◆ Data for processing:
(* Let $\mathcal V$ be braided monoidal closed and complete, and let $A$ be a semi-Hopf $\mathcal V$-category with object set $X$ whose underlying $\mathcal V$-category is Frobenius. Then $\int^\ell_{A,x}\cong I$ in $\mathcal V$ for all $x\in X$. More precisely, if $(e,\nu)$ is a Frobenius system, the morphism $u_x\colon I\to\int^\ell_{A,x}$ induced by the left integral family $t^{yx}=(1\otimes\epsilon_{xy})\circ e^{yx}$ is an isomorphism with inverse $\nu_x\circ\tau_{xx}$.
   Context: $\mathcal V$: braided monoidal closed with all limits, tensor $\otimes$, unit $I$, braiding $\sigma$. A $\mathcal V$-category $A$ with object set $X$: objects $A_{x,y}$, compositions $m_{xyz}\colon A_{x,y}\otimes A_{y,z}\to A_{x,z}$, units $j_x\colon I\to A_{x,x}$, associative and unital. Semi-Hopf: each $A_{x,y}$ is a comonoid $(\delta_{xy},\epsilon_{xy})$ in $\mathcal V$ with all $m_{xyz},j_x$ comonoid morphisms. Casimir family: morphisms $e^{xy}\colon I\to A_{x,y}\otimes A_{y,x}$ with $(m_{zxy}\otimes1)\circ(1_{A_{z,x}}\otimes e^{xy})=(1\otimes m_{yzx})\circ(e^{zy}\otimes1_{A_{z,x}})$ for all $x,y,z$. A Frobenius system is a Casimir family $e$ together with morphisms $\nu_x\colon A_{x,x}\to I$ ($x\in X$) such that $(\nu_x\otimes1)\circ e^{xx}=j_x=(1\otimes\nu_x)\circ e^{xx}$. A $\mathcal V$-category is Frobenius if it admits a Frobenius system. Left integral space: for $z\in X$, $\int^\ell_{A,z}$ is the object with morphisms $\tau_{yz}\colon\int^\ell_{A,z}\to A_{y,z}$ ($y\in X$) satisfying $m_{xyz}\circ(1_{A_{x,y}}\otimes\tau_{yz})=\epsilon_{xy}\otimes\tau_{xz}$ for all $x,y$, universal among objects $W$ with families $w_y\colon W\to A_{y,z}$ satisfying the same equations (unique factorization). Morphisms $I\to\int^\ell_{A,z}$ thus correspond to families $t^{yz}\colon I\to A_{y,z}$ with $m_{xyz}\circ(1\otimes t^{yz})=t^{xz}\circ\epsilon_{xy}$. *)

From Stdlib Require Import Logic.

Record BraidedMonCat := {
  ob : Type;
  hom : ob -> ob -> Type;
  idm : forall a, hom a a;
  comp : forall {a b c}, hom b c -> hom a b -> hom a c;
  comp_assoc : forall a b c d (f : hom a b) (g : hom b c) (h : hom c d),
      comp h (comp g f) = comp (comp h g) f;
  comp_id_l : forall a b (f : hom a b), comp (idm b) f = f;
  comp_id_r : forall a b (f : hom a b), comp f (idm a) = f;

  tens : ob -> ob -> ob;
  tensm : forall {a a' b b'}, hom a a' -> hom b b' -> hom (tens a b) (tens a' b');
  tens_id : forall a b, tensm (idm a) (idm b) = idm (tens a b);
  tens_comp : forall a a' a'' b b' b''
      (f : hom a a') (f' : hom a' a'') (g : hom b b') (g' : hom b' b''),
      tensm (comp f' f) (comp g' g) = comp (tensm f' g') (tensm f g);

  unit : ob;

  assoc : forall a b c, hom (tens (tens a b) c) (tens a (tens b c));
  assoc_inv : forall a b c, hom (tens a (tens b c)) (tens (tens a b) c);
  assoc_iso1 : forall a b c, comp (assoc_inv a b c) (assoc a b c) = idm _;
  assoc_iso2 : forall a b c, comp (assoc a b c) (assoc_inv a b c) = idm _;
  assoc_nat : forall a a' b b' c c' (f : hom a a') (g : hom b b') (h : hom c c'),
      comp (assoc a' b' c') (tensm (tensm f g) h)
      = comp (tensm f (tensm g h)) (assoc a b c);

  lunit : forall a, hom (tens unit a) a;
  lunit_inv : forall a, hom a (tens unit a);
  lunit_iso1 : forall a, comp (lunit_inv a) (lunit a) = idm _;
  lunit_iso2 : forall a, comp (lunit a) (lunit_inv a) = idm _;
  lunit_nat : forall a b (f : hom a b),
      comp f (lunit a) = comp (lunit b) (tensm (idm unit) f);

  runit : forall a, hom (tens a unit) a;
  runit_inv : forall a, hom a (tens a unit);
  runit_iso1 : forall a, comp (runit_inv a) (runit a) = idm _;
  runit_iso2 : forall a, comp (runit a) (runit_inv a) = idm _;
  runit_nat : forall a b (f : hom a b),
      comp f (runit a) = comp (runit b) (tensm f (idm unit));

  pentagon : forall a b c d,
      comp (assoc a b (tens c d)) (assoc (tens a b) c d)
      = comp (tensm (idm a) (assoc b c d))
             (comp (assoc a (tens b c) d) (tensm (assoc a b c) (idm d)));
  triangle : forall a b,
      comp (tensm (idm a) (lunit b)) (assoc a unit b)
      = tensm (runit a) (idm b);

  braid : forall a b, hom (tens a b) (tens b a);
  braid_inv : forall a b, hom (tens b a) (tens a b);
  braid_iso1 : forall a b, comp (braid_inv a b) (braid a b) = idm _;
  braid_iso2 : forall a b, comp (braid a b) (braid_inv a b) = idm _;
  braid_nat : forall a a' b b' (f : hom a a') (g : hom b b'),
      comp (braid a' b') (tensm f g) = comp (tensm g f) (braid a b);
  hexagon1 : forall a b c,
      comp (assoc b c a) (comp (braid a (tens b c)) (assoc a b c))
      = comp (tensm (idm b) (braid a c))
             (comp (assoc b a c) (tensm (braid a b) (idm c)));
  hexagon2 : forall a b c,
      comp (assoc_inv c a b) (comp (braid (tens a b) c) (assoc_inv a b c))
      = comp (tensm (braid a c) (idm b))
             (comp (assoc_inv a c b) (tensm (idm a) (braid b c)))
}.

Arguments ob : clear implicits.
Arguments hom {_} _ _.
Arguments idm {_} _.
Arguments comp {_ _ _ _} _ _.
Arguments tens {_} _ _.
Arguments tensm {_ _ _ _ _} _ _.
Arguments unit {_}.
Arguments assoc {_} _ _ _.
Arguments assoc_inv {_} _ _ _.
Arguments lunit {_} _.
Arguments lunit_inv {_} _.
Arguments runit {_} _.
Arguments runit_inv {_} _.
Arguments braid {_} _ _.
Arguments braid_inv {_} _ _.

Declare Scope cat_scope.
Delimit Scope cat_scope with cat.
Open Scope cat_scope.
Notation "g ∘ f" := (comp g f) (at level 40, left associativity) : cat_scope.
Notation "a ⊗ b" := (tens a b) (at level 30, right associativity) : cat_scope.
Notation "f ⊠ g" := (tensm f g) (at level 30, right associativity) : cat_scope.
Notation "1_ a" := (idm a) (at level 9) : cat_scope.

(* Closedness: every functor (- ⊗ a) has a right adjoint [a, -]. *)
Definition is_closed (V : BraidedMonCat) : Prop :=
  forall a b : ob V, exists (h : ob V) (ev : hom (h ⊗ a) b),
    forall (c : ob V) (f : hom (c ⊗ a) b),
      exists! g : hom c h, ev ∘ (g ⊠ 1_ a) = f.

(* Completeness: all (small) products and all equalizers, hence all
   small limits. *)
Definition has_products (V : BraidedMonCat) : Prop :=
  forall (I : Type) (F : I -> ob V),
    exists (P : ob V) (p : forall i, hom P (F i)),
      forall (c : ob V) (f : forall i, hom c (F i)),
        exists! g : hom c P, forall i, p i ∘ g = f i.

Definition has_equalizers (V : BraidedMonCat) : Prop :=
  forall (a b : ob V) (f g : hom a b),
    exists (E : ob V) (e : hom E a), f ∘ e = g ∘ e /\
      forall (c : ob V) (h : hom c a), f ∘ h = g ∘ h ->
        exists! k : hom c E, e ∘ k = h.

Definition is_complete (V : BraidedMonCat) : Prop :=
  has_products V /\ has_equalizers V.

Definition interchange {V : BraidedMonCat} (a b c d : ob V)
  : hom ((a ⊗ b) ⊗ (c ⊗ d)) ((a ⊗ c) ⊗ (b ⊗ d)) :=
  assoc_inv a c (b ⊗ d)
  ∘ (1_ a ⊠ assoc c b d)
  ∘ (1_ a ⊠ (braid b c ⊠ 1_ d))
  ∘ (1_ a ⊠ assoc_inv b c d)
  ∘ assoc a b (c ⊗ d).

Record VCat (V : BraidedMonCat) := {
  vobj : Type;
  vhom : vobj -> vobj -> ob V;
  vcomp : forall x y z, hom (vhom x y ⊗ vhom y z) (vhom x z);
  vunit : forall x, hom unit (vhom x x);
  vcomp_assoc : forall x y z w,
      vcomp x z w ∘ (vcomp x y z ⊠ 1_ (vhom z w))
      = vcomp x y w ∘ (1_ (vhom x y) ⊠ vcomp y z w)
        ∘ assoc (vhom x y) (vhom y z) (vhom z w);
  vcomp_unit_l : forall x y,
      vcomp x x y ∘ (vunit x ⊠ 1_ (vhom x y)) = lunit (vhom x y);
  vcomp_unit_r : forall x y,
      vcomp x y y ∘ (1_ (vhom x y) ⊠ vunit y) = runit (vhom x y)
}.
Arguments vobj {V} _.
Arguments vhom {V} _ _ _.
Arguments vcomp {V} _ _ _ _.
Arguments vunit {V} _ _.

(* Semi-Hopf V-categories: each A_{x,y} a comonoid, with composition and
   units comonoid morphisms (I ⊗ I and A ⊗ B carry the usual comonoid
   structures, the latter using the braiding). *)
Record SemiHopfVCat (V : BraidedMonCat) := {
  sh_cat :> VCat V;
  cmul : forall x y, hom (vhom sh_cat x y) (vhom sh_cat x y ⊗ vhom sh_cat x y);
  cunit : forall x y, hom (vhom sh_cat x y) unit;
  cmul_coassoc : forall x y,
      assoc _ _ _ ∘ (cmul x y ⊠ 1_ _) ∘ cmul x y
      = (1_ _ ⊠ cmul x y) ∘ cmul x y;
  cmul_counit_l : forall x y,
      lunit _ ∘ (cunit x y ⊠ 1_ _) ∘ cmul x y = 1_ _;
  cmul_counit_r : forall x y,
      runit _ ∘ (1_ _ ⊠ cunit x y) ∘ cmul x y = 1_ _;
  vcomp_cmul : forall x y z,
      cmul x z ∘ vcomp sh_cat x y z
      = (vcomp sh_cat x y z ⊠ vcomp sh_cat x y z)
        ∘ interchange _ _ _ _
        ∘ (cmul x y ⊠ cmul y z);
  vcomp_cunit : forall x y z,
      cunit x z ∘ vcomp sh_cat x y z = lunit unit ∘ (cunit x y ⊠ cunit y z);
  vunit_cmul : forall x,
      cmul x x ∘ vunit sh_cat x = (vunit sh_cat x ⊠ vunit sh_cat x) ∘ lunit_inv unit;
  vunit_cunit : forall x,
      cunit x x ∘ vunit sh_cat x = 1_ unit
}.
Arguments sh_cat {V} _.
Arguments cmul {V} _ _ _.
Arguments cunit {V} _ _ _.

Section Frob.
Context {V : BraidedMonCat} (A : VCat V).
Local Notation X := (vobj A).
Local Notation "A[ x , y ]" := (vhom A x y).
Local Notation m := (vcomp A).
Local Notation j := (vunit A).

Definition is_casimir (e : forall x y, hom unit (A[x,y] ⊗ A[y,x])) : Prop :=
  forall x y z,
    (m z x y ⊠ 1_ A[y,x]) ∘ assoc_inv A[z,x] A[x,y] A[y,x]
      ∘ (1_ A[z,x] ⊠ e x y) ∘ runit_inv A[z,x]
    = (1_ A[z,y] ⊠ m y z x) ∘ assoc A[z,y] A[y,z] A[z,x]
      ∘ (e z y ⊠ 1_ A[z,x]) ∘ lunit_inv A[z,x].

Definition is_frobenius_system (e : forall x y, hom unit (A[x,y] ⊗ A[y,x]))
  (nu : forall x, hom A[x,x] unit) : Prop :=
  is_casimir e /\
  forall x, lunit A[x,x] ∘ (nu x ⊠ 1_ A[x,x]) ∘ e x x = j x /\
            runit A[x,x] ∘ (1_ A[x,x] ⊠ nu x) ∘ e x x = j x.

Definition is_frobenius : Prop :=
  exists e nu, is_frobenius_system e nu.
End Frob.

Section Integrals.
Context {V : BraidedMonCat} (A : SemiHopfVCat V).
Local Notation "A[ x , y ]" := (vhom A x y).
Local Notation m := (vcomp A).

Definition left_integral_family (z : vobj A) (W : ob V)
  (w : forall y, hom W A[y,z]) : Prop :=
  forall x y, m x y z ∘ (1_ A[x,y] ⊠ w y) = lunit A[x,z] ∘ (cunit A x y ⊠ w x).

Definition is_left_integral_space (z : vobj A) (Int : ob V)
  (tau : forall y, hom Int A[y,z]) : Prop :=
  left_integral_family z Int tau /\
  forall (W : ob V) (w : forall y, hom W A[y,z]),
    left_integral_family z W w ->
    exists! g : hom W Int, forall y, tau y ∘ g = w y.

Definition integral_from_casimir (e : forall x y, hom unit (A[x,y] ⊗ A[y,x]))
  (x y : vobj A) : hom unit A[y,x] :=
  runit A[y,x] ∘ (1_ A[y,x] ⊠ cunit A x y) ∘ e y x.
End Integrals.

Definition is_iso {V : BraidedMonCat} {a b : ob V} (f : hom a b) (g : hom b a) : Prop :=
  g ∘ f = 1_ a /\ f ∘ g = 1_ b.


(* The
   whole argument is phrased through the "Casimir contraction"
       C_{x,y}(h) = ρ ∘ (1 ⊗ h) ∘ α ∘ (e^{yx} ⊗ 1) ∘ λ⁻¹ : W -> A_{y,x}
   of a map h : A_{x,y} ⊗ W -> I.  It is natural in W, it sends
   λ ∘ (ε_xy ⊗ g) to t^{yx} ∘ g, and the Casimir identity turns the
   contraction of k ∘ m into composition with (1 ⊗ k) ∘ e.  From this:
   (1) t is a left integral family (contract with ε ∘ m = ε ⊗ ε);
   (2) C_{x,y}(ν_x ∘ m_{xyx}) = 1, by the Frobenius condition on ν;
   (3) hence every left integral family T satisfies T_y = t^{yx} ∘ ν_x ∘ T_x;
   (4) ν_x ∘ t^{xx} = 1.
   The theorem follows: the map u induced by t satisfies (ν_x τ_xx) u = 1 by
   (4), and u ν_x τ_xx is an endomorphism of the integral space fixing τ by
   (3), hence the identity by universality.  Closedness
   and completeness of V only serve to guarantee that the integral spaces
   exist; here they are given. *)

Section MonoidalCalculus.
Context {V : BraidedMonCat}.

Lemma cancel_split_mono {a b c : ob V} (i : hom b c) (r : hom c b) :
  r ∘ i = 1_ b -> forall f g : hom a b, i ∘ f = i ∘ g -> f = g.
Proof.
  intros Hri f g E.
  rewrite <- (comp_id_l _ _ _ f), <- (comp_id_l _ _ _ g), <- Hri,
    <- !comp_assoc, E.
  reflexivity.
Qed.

◆ Your instructions: Starting at the line with "c) (idm b))" and ending at the line with "9) : cat_scope.", print each line of the listing above exactly, with no other lines.

◆ Solution to the problem:
      = comp (tensm (braid a c) (idm b))
             (comp (assoc_inv a c b) (tensm (idm a) (braid b c)))
}.

Arguments ob : clear implicits.
Arguments hom {_} _ _.
Arguments idm {_} _.
Arguments comp {_ _ _ _} _ _.
Arguments tens {_} _ _.
Arguments tensm {_ _ _ _ _} _ _.
Arguments unit {_}.
Arguments assoc {_} _ _ _.
Arguments assoc_inv {_} _ _ _.
Arguments lunit {_} _.
Arguments lunit_inv {_} _.
Arguments runit {_} _.
Arguments runit_inv {_} _.
Arguments braid {_} _ _.
Arguments braid_inv {_} _ _.

Declare Scope cat_scope.
Delimit Scope cat_scope with cat.
Open Scope cat_scope.
Notation "g ∘ f" := (comp g f) (at level 40, left associativity) : cat_scope.
Notation "a ⊗ b" := (tens a b) (at level 30, right associativity) : cat_scope.
Notation "f ⊠ g" := (tensm f g) (at level 30, right associativity) : cat_scope.
Notation "1_ a" := (idm a) (at level 9) : cat_scope.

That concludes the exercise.